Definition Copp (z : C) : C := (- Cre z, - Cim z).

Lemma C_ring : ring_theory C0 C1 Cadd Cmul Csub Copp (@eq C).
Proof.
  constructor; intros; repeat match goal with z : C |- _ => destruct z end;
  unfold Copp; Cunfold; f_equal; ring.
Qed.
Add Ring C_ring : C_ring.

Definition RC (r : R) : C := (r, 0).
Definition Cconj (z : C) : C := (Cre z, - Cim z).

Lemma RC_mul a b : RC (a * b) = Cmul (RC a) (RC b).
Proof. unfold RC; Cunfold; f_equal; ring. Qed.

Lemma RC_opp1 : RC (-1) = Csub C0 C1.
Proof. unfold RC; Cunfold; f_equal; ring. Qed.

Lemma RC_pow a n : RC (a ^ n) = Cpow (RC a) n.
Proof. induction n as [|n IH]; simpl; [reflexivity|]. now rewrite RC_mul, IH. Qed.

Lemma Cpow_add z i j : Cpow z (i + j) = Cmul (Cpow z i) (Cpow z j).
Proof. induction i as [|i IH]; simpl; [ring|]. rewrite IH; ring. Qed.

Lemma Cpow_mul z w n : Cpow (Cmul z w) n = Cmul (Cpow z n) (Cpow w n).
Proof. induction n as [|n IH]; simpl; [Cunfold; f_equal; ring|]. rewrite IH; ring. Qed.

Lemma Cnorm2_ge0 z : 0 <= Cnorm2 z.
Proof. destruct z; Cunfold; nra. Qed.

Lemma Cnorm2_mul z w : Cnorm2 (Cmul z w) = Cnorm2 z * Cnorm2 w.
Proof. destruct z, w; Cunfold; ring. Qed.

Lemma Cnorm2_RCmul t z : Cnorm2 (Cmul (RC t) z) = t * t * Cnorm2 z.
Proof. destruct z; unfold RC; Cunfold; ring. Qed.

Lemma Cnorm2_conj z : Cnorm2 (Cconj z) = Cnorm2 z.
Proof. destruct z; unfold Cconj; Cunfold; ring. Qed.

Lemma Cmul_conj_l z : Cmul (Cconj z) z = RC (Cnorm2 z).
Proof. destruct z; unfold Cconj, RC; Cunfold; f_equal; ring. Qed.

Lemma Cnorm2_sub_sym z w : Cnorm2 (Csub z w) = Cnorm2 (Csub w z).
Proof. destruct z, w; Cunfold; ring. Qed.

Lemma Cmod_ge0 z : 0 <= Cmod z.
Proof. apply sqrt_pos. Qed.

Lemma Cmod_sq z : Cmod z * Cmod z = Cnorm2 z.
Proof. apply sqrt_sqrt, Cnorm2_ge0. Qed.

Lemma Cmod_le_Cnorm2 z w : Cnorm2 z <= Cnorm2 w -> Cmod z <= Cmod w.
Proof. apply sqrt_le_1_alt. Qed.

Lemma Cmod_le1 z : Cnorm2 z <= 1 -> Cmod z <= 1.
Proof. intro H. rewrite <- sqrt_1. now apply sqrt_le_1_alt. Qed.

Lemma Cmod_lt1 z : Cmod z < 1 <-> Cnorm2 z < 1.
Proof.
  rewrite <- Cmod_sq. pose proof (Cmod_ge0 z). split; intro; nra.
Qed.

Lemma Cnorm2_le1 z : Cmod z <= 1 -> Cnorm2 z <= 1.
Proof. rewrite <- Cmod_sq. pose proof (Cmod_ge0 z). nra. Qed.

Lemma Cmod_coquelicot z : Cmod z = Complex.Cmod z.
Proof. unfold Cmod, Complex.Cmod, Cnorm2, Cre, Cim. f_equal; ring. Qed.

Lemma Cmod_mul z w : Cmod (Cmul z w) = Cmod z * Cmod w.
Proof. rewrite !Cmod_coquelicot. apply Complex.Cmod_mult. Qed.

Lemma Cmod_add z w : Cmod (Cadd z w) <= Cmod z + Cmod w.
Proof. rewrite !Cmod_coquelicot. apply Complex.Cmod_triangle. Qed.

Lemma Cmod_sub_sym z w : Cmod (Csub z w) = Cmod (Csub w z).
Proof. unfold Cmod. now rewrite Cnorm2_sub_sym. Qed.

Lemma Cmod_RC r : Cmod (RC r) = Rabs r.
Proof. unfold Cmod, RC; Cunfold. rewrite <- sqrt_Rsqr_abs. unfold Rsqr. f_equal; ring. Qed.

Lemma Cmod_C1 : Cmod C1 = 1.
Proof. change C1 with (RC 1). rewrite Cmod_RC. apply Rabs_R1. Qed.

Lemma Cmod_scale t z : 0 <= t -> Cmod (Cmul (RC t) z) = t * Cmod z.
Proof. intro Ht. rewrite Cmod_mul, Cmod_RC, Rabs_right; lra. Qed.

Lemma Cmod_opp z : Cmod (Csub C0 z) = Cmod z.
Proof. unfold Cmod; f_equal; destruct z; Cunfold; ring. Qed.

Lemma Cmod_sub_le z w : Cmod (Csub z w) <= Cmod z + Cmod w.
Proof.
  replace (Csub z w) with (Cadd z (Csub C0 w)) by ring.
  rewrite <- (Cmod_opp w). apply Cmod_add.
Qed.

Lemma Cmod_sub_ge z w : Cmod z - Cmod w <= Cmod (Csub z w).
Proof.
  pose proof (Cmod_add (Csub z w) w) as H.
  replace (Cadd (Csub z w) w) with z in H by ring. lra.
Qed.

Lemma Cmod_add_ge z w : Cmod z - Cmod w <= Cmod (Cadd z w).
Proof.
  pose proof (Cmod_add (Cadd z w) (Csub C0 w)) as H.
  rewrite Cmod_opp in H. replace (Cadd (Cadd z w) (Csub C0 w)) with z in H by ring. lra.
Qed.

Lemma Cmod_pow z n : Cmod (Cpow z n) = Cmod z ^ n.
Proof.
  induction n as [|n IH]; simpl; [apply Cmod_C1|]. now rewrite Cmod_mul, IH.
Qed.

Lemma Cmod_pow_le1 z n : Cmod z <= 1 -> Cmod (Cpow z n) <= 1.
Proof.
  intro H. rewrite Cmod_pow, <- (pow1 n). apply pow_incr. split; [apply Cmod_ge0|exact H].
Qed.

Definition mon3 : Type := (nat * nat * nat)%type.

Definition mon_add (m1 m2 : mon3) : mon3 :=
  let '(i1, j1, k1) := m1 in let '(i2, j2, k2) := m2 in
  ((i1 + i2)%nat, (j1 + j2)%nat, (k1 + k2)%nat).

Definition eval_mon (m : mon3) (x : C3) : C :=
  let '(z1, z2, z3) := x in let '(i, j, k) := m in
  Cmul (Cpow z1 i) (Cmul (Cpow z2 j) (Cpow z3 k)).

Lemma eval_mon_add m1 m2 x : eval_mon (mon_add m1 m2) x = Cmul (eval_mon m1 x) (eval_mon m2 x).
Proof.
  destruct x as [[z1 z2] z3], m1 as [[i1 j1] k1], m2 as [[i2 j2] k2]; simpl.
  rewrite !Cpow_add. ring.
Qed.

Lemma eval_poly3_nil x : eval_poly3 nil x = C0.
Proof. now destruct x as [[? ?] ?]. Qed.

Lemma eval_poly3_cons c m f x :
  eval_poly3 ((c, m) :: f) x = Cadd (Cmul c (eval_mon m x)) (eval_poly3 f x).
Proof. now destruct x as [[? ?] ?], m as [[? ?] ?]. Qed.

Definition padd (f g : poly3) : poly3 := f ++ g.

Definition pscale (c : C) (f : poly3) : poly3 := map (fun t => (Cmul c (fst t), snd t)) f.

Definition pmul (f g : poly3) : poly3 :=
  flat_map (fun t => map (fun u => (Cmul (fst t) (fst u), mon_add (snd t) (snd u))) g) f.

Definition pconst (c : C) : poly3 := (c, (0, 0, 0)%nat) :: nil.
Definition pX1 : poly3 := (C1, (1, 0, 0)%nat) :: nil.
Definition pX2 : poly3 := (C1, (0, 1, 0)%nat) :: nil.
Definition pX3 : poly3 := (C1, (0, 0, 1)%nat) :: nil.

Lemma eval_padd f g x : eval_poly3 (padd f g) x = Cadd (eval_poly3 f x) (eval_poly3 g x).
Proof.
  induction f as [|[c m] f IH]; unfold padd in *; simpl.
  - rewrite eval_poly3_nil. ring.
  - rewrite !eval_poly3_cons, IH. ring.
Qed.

+===+

• _Aim of the exercise_: In the listing above, find the line containing "eval_poly3 ((c, m)", then reproduce it and each line after it through the end, exactly and with nothing added.

• _Response to the exercise_:
  eval_poly3 ((c, m) :: f) x = Cadd (Cmul c (eval_mon m x)) (eval_poly3 f x).
Proof. now destruct x as [[? ?] ?], m as [[? ?] ?]. Qed.

Definition padd (f g : poly3) : poly3 := f ++ g.

Definition pscale (c : C) (f : poly3) : poly3 := map (fun t => (Cmul c (fst t), snd t)) f.

Definition pmul (f g : poly3) : poly3 :=
  flat_map (fun t => map (fun u => (Cmul (fst t) (fst u), mon_add (snd t) (snd u))) g) f.

Definition pconst (c : C) : poly3 := (c, (0, 0, 0)%nat) :: nil.
Definition pX1 : poly3 := (C1, (1, 0, 0)%nat) :: nil.
Definition pX2 : poly3 := (C1, (0, 1, 0)%nat) :: nil.
Definition pX3 : poly3 := (C1, (0, 0, 1)%nat) :: nil.

Lemma eval_padd f g x : eval_poly3 (padd f g) x = Cadd (eval_poly3 f x) (eval_poly3 g x).
Proof.
  induction f as [|[c m] f IH]; unfold padd in *; simpl.
  - rewrite eval_poly3_nil. ring.
  - rewrite !eval_poly3_cons, IH. ring.
Qed.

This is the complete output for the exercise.